* _Material provided_
Theorem bailey_transform : conv1 (kernel q z x 0) (lB - lA).
Proof.
  destruct column_error_bound as [C [HC HE]].
  apply (conv_by _ _ (fun N => Cmod (csum (fun k => beta_term (S k)) N - lB) +
      Cmod (csum (fun k => alpha_term (S k)) N - lA) +
      C * rsum (fun j => Cmod (alpha_term (S j)) * Cmod x ^ (N - j)) N)%R 0).
  - intros N _. rewrite kernel0_partial.
    replace (csum (fun k => beta_term (S k)) N - csum (fun k => alpha_term (S k)) N + column_error N
      - (lB - lA)) with ((csum (fun k => beta_term (S k)) N - lB)
      - (csum (fun k => alpha_term (S k)) N - lA) + column_error N) by ring.
    eapply Rle_trans; [apply Cmod_triangle|]. specialize (HE N).
    assert (H := Cmod_sub_le (csum (fun k => beta_term (S k)) N - lB)
                             (csum (fun k => alpha_term (S k)) N - lA)). lra.
  - repeat apply tozero_add; try (apply conv_tozero; auto).
    apply tozero_scal; auto. apply convolution_geom_tozero.
    + intros; apply Cmod_ge_0.
    + split; [apply Cmod_ge_0|auto].
    + apply (series_cauchy _ _ halpha_abs).
Qed.
End BaileyLemma.

(** The alpha-free series  F(z,q,x) = sum_(n>=1) (z;q)_n x^n / ((xz;q)_n (1 - q^n)) *)

Definition fpartial (q z x : C) (N : nat) : C := csum (fun k => kernel q z x 0 (S k)) N.

Lemma kernel0_S (q z x : C) n : (Cmod q < 1)%R -> qp (x * z) q (S n) <> 0 ->
  kernel q z x 0 (S n) = qp z q (S n) * x ^ S n / ((1 - q ^ S n) * qp (x * z) q (S n)).
Proof.
  intros hq hxz. unfold kernel. rewrite Nat.sub_0_r, Nat.add_0_r, (qp_S q q n).
  replace (S n - 1)%nat with n by lia.
  assert (H1 := qp_qq_ne0 q n hq). assert (H2 := one_sub_powS_ne0 q n hq).
  rewrite (Cpow_S q n) in H2 |- *. field. repeat split; auto.
Qed.

Section Shift.
Variables q x : C.
Hypothesis hq : (Cmod q < 1)%R.

Definition shift_ratio (z : C) (n : nat) : C := qp (z * q) q n / qp (x * z * q) q n.

Lemma fpartial_shift z N : (forall m, qp (x * z) q m <> 0) ->
  fpartial q z x N - fpartial q (z * q) x N = - (x * z) / (1 - x * z) * (1 - x ^ N * shift_ratio z N).
Proof.
  intros hxz.
  assert (hxzq : forall m, qp (x * z * q) q m <> 0).
  { intros m E. apply (hxz (S m)). rewrite qp_S_left, E. ring. }
  assert (h1 : 1 - x * z <> 0) by (intro E; apply (hxz 1%nat); simpl; rewrite <- E; ring).
  assert (Hterm : forall n, kernel q z x 0 (S n) - kernel q (z * q) x 0 (S n) =
     - (x * z) / (1 - x * z) * (x ^ n * shift_ratio z n - x ^ S n * shift_ratio z (S n))).
  { intros n. rewrite (kernel0_S q z x n hq (hxz (S n))).
    replace (x * (z * q)) with (x * z * q) by ring. rewrite (kernel0_S q (z * q) x n hq);
      [|replace (x * (z * q)) with (x * z * q) by ring; apply hxzq].
    replace (x * (z * q)) with (x * z * q) by ring.
    unfold shift_ratio. rewrite (qp_S_left z q n), (qp_S_left (x * z) q n).
    rewrite (qp_S (z * q) q n), (qp_S (x * z * q) q n), (Cpow_S x n).
    assert (H1 := hxzq n). assert (H2 := qp_factor_ne0 _ _ n hxzq).
    assert (H3 := one_sub_powS_ne0 q n hq). rewrite Cpow_S in H3 |- *.
    field. repeat split; auto. }
  unfold fpartial. rewrite <- csum_sub, (csum_ext _ _ _ (fun k _ => Hterm k)), csum_scal.
  rewrite (csum_telescope (fun k => x ^ k * shift_ratio z k)). unfold shift_ratio. simpl.
  f_equal. f_equal. f_equal. field.
Qed.

Lemma fpartial_shift_bound z : (forall m, qp (x * z) q m <> 0) ->
  exists K, (0 <= K)%R /\ forall m N,
  (Cmod (fpartial q (z * q ^ m) x N - fpartial q (z * q ^ S m) x N
         + x * (z * q ^ m) / (1 - x * (z * q ^ m))) <= K * Cmod x ^ N)%R.
Proof.
  intros hxz. destruct (qp_shift_lower (x * z) q hq hxz) as [d [Hd Hl]].
  set (K := (Cmod (x * z) / d * (qp_bound (z * q) q / d))%R).
  exists K. split.
  { unfold K. apply Rmult_le_pos; apply Rdiv_le_0_compat; auto; try apply Cmod_ge_0.
    left; apply qp_bound_pos. }
  intros m N. set (w := z * q ^ m).
  assert (hxw : forall k, qp (x * w) q k <> 0).
  { intros k. replace (x * w) with (x * z * q ^ m) by (unfold w; ring). apply qp_shift_ne0; auto. }
  replace (z * q ^ S m) with (w * q) by (unfold w; rewrite Cpow_S; ring).
  rewrite (fpartial_shift w N hxw).
  replace (- (x * w) / (1 - x * w) * (1 - x ^ N * shift_ratio w N) + x * w / (1 - x * w))
    with (x * w / (1 - x * w) * (x ^ N * shift_ratio w N)) by (unfold Cdiv; ring).
  assert (Hf : 1 - x * w <> 0) by (intro E; apply (hxw 1%nat); simpl; rewrite <- E; ring).
  assert (Hfl : (d <= Cmod (1 - x * w))%R).
  { specialize (Hl m 1%nat). simpl in Hl. replace (1 * (1 - x * z * q ^ m * 1)) with (1 - x * w) in Hl
      by (unfold w; ring). exact Hl. }
  assert (Hr : (Cmod (shift_ratio w N) <= qp_bound (z * q) q / d)%R).
  { unfold shift_ratio. replace (x * w * q) with (x * z * q ^ S m) by (unfold w; rewrite Cpow_S; ring).
    apply Cmod_div_le; [apply qp_shift_ne0; auto | | exact Hd | apply Hl].
    eapply Rle_trans; [apply qp_upper; auto|]. apply qp_bound_mono; auto.
    replace (w * q) with (z * q * q ^ m) by (unfold w; ring). apply Cmod_mul_pow_le; auto. }
  assert (Hw : (Cmod (x * w / (1 - x * w)) <= Cmod (x * z) / d)%R).
  { apply Cmod_div_le; auto. replace (x * w) with (x * z * q ^ m) by (unfold w; ring).
    apply Cmod_mul_pow_le; auto. }
  rewrite Cmod_mult, Cmod_mult, Cmod_pow.
  assert (0 <= Cmod x ^ N)%R by (apply pow_le, Cmod_ge_0).
  assert (0 <= Cmod (shift_ratio w N))%R by apply Cmod_ge_0.
  assert (0 <= Cmod (x * w / (1 - x * w)))%R by apply Cmod_ge_0.
  unfold K. replace (Cmod (x * z) / d * (qp_bound (z * q) q / d) * Cmod x ^ N)%R
    with (Cmod (x * z) / d * (Cmod x ^ N * (qp_bound (z * q) q / d)))%R by ring.
  apply Rmult_le_compat; auto; [apply Rmult_le_pos; auto|].
  apply Rmult_le_compat_l; auto.
Qed.
End Shift.

Lemma kernel0_at_zero (q x : C) n : (Cmod q < 1)%R -> kernel q 0 x 0 (S n) = x ^ S n / (1 - q ^ S n).
Proof.
  intros hq. assert (H0 : qp (x * 0) q (S n) = 1) by (replace (x * 0) with (RtoC 0) by ring; apply qp_zero).
  rewrite kernel0_S, H0, qp_zero; auto; [|rewrite H0; apply C1_nz].
  field. apply one_sub_powS_ne0; auto.
Qed.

* _What you need to do_
Everything in the listing should be written out again exactly.

* _Solution_
Theorem bailey_transform : conv1 (kernel q z x 0) (lB - lA).
Proof.
  destruct column_error_bound as [C [HC HE]].
  apply (conv_by _ _ (fun N => Cmod (csum (fun k => beta_term (S k)) N - lB) +
      Cmod (csum (fun k => alpha_term (S k)) N - lA) +
      C * rsum (fun j => Cmod (alpha_term (S j)) * Cmod x ^ (N - j)) N)%R 0).
  - intros N _. rewrite kernel0_partial.
    replace (csum (fun k => beta_term (S k)) N - csum (fun k => alpha_term (S k)) N + column_error N
      - (lB - lA)) with ((csum (fun k => beta_term (S k)) N - lB)
      - (csum (fun k => alpha_term (S k)) N - lA) + column_error N) by ring.
    eapply Rle_trans; [apply Cmod_triangle|]. specialize (HE N).
    assert (H := Cmod_sub_le (csum (fun k => beta_term (S k)) N - lB)
                             (csum (fun k => alpha_term (S k)) N - lA)). lra.
  - repeat apply tozero_add; try (apply conv_tozero; auto).
    apply tozero_scal; auto. apply convolution_geom_tozero.
    + intros; apply Cmod_ge_0.
    + split; [apply Cmod_ge_0|auto].
    + apply (series_cauchy _ _ halpha_abs).
Qed.
End BaileyLemma.

(** The alpha-free series  F(z,q,x) = sum_(n>=1) (z;q)_n x^n / ((xz;q)_n (1 - q^n)) *)

Definition fpartial (q z x : C) (N : nat) : C := csum (fun k => kernel q z x 0 (S k)) N.

Lemma kernel0_S (q z x : C) n : (Cmod q < 1)%R -> qp (x * z) q (S n) <> 0 ->
  kernel q z x 0 (S n) = qp z q (S n) * x ^ S n / ((1 - q ^ S n) * qp (x * z) q (S n)).
Proof.
  intros hq hxz. unfold kernel. rewrite Nat.sub_0_r, Nat.add_0_r, (qp_S q q n).
  replace (S n - 1)%nat with n by lia.
  assert (H1 := qp_qq_ne0 q n hq). assert (H2 := one_sub_powS_ne0 q n hq).
  rewrite (Cpow_S q n) in H2 |- *. field. repeat split; auto.
Qed.

Section Shift.
Variables q x : C.
Hypothesis hq : (Cmod q < 1)%R.

Definition shift_ratio (z : C) (n : nat) : C := qp (z * q) q n / qp (x * z * q) q n.

Lemma fpartial_shift z N : (forall m, qp (x * z) q m <> 0) ->
  fpartial q z x N - fpartial q (z * q) x N = - (x * z) / (1 - x * z) * (1 - x ^ N * shift_ratio z N).
Proof.
  intros hxz.
  assert (hxzq : forall m, qp (x * z * q) q m <> 0).
  { intros m E. apply (hxz (S m)). rewrite qp_S_left, E. ring. }
  assert (h1 : 1 - x * z <> 0) by (intro E; apply (hxz 1%nat); simpl; rewrite <- E; ring).
  assert (Hterm : forall n, kernel q z x 0 (S n) - kernel q (z * q) x 0 (S n) =
     - (x * z) / (1 - x * z) * (x ^ n * shift_ratio z n - x ^ S n * shift_ratio z (S n))).
  { intros n. rewrite (kernel0_S q z x n hq (hxz (S n))).
    replace (x * (z * q)) with (x * z * q) by ring. rewrite (kernel0_S q (z * q) x n hq);
      [|replace (x * (z * q)) with (x * z * q) by ring; apply hxzq].
    replace (x * (z * q)) with (x * z * q) by ring.
    unfold shift_ratio. rewrite (qp_S_left z q n), (qp_S_left (x * z) q n).
    rewrite (qp_S (z * q) q n), (qp_S (x * z * q) q n), (Cpow_S x n).
    assert (H1 := hxzq n). assert (H2 := qp_factor_ne0 _ _ n hxzq).
    assert (H3 := one_sub_powS_ne0 q n hq). rewrite Cpow_S in H3 |- *.
    field. repeat split; auto. }
  unfold fpartial. rewrite <- csum_sub, (csum_ext _ _ _ (fun k _ => Hterm k)), csum_scal.
  rewrite (csum_telescope (fun k => x ^ k * shift_ratio z k)). unfold shift_ratio. simpl.
  f_equal. f_equal. f_equal. field.
Qed.

Lemma fpartial_shift_bound z : (forall m, qp (x * z) q m <> 0) ->
  exists K, (0 <= K)%R /\ forall m N,
  (Cmod (fpartial q (z * q ^ m) x N - fpartial q (z * q ^ S m) x N
         + x * (z * q ^ m) / (1 - x * (z * q ^ m))) <= K * Cmod x ^ N)%R.
Proof.
  intros hxz. destruct (qp_shift_lower (x * z) q hq hxz) as [d [Hd Hl]].
  set (K := (Cmod (x * z) / d * (qp_bound (z * q) q / d))%R).
  exists K. split.
  { unfold K. apply Rmult_le_pos; apply Rdiv_le_0_compat; auto; try apply Cmod_ge_0.
    left; apply qp_bound_pos. }
  intros m N. set (w := z * q ^ m).
  assert (hxw : forall k, qp (x * w) q k <> 0).
  { intros k. replace (x * w) with (x * z * q ^ m) by (unfold w; ring). apply qp_shift_ne0; auto. }
  replace (z * q ^ S m) with (w * q) by (unfold w; rewrite Cpow_S; ring).
  rewrite (fpartial_shift w N hxw).
  replace (- (x * w) / (1 - x * w) * (1 - x ^ N * shift_ratio w N) + x * w / (1 - x * w))
    with (x * w / (1 - x * w) * (x ^ N * shift_ratio w N)) by (unfold Cdiv; ring).
  assert (Hf : 1 - x * w <> 0) by (intro E; apply (hxw 1%nat); simpl; rewrite <- E; ring).
  assert (Hfl : (d <= Cmod (1 - x * w))%R).
  { specialize (Hl m 1%nat). simpl in Hl. replace (1 * (1 - x * z * q ^ m * 1)) with (1 - x * w) in Hl
      by (unfold w; ring). exact Hl. }
  assert (Hr : (Cmod (shift_ratio w N) <= qp_bound (z * q) q / d)%R).
  { unfold shift_ratio. replace (x * w * q) with (x * z * q ^ S m) by (unfold w; rewrite Cpow_S; ring).
    apply Cmod_div_le; [apply qp_shift_ne0; auto | | exact Hd | apply Hl].
    eapply Rle_trans; [apply qp_upper; auto|]. apply qp_bound_mono; auto.
    replace (w * q) with (z * q * q ^ m) by (unfold w; ring). apply Cmod_mul_pow_le; auto. }
  assert (Hw : (Cmod (x * w / (1 - x * w)) <= Cmod (x * z) / d)%R).
  { apply Cmod_div_le; auto. replace (x * w) with (x * z * q ^ m) by (unfold w; ring).
    apply Cmod_mul_pow_le; auto. }
  rewrite Cmod_mult, Cmod_mult, Cmod_pow.
  assert (0 <= Cmod x ^ N)%R by (apply pow_le, Cmod_ge_0).
  assert (0 <= Cmod (shift_ratio w N))%R by apply Cmod_ge_0.
  assert (0 <= Cmod (x * w / (1 - x * w)))%R by apply Cmod_ge_0.
  unfold K. replace (Cmod (x * z) / d * (qp_bound (z * q) q / d) * Cmod x ^ N)%R
    with (Cmod (x * z) / d * (Cmod x ^ N * (qp_bound (z * q) q / d)))%R by ring.
  apply Rmult_le_compat; auto; [apply Rmult_le_pos; auto|].
  apply Rmult_le_compat_l; auto.
Qed.
End Shift.

Lemma kernel0_at_zero (q x : C) n : (Cmod q < 1)%R -> kernel q 0 x 0 (S n) = x ^ S n / (1 - q ^ S n).
Proof.
  intros hq. assert (H0 : qp (x * 0) q (S n) = 1) by (replace (x * 0) with (RtoC 0) by ring; apply qp_zero).
  rewrite kernel0_S, H0, qp_zero; auto; [|rewrite H0; apply C1_nz].
  field. apply one_sub_powS_ne0; auto.
Qed.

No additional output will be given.